Given the diverse, disparate and decentralised starting point from which banks have been building their compliant risk systems, it is unsurprising that they have been accumulating considerable technology debt. Technology debt in this context is the accumulation of outdated systems still in use or where the original reasons for implementation have changed and the product is no longer fit for purpose. It could be software code itself or the inappropriate or outdated use of workarounds implemented around and including trading technology applications.
Repayment of this debt can be the overall cost of replacing outdated or inappropriately used systems, the price of which would increase the longer it is left. It can also be the direct financial losses incurred as a result of system mistakes, trading and reporting errors, as well as fines. Furthermore, debt can be paid in client perception and reputational loss as well as lost opportunities due to excessive rigidity.
Tactical mitigation and manual workarounds cannot always be avoided when core components are deeply embedded and cannot easily be changed. Technical managers are aware of the limitations of each workaround but there must be a clear way to quantify each and every one when communicating to the business sponsors. Part of the business development strategy must include future operational risk visibility incorporating the accumulation of technology and process debt. This debt could be very costly and damaging to the business in the future.
Revolution not Evolution
The post 2007/8 financial crisis regulatory changes have applied a form of evolutionary pressure on the banks. Their response has been to make small changes to the organism with adaptations of the existing technical infrastructure in order to survive in the new environment.
Like evolution, the regulatory changes are indiscriminate. This will result ultimately in some banks evolving into dominant species. Other banks may become extinct – at least in some areas of business. Some banks, perhaps the ones with smaller and simpler systems, may realise that building workarounds or bespoke patches for old legacy systems in small evolutionary steps would ultimately accumulate an unacceptably high level of technology debt.

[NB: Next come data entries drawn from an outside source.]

Theorem lemma5p1 (R : realType) (n : nat) (Sigma : set 'rV[R]_n) (a b : \bar R)
  (U V : set 'rV[R]_n.+1) (Psi : 'rV[R]_n.+1 -> 'rV[R]_n.+1)
  (g : tfield R n 'I_2) (X Xhat : 'rV[R]_n.+1 -> 'rV[R]_n.+1)
  (k : nat) (kind : 'I_k -> bool) (T : tfield R n 'I_k) :
  open Sigma -> (a < b)%E ->
  open U -> open V -> U `<=` Mset Sigma a b -> V `<=` Mset Sigma a b ->
  diffeo U V Psi -> (forall p, U p -> tcoord (Psi p) = tcoord p) ->
  slice_compatible V g ->
  (forall p, V p -> is_shift g p (X p)) ->
  (forall p, U p -> is_shift (pullback vkind2 Psi g) p (Xhat p)) ->
  tsmooth V T ->
  (forall c p f, U p ->
     decomp kind (pullback kind Psi T) Xhat c p f
     = jstar (pullback (subkind kind c) Psi (decomp kind T X c)) p f) /\
  (forall t0 : R, (forall p, U p -> tcoord p = t0 -> Psi p = p) ->
     forall p, U p -> tcoord p = t0 ->
       (forall c f, decomp kind (pullback kind Psi T) Xhat c p f
                    = decomp kind T X c p f) /\
       (forall S : 'rV[R]_n.+1 -> 'rV[R]_n.+1,
          vsmooth U S -> (forall q, U q -> S q ord0 (tidx n) = 0) ->
          forall c f,
            lie (subkind kind c) S (decomp kind (pullback kind Psi T) Xhat c) p f
            = lie (subkind kind c) S (decomp kind T X c) p f)).
Proof.
move=> _ _ oU _ _ _ [PsiUV [Psi_smooth [Phi [_ [Phi_smooth [PhiK _]]]]]] Psi_t
  [_ g_spatial_pos] shiftX shiftXh _.
have J_unit := jac_unit oU PsiUV Psi_smooth Phi_smooth PhiK.
have decomp_pull c p f : U p ->
    decomp kind (pullback kind Psi T) Xhat c p f
    = jstar (pullback (subkind kind c) Psi (decomp kind T X c)) p f.
  move=> Up; have J_time := jac_time_row oU Psi_t Up.
  have [x_t _] := shiftX _ (PsiUV _ Up).
  apply: (decomp_pullback_at kind T f (J_unit _ Up) J_time x_t).
  apply: (shift_pushforward (J_unit _ Up) J_time) (shiftX _ (PsiUV _ Up)) (shiftXh _ Up).
  exact: (g_spatial_pos _ (PsiUV _ Up)).2.
split=> // t0 Psi_id.
have decomp_slice q c f : U q -> tcoord q = t0 ->
    decomp kind (pullback kind Psi T) Xhat c q f = decomp kind T X c q f.
  move=> Uq q_t; rewrite decomp_pull // (jstar_pullback_slice oU Psi_id) //.
  - exact: decomp_spatial.
  - exact: J_unit.
move=> p Up p_t; split=> [c f|S _ S_t c f]; first exact: decomp_slice.
apply: (lie_eq_on_slice (t0 := t0) oU) => // [q Uq q_t h|]; first exact: decomp_slice.
exact: S_t.
Qed.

A strategic vision is needed to take fewer and bolder revolutionary steps that accumulate less technology debt to leave systems robust, flexible and reliable. The systems are then better able to cope with any future regulatory, business and technical pressures.
Realising where in the complex trading infrastructure the revolutionary change points are is a challenge. Focusing on reducing the system complexity and increasing centralisation is key to uncovering them.
Much effort has been made to identify the many touch points within trading systems from where to collect the relevant pre-trade and post- trade risk data. This can come from multiple single market trading servers and their risk control modules. Data can also come in different formats and from decentralised and regional locations. The pre-trade risk modules that feed their data into aggregated databases sit side-by-side or in-line with the order-entry application server, meaning each one is blissfully unaware of the trading activities of the other markets. Some vendors or internally-built trading systems can support a truly globalised real-time order book. However, implementing such an infrastructure in the past would have been unnecessarily expensive, added unacceptable latency and would have lacked the governance practices to control it.
When reviewing risk architecture for compliance, the focus has been on data collection and reporting. A tactical rather than strategic approach was initially taken, doing what was required to tick the regulatory boxes. As compliance education within financial institutions matures, a need has arisen to review the technology that controls risk at the execution gateways. It is important to gauge how fit for purpose it is now and in the future and how much of this technology is good enough, and will not result in unacceptable levels of technology debt.
None of the 14 principles of BCBS239 cover automatically adjusting trading risk monitoring tools in real time. They do focus on risk reporting. As more time is spent looking at risk systems and exposure, the next logical step would be to automate risk sentinel parameters. These risk sentinels are the trading risk modules that have the power to stop trades if limit thresholds have been breached.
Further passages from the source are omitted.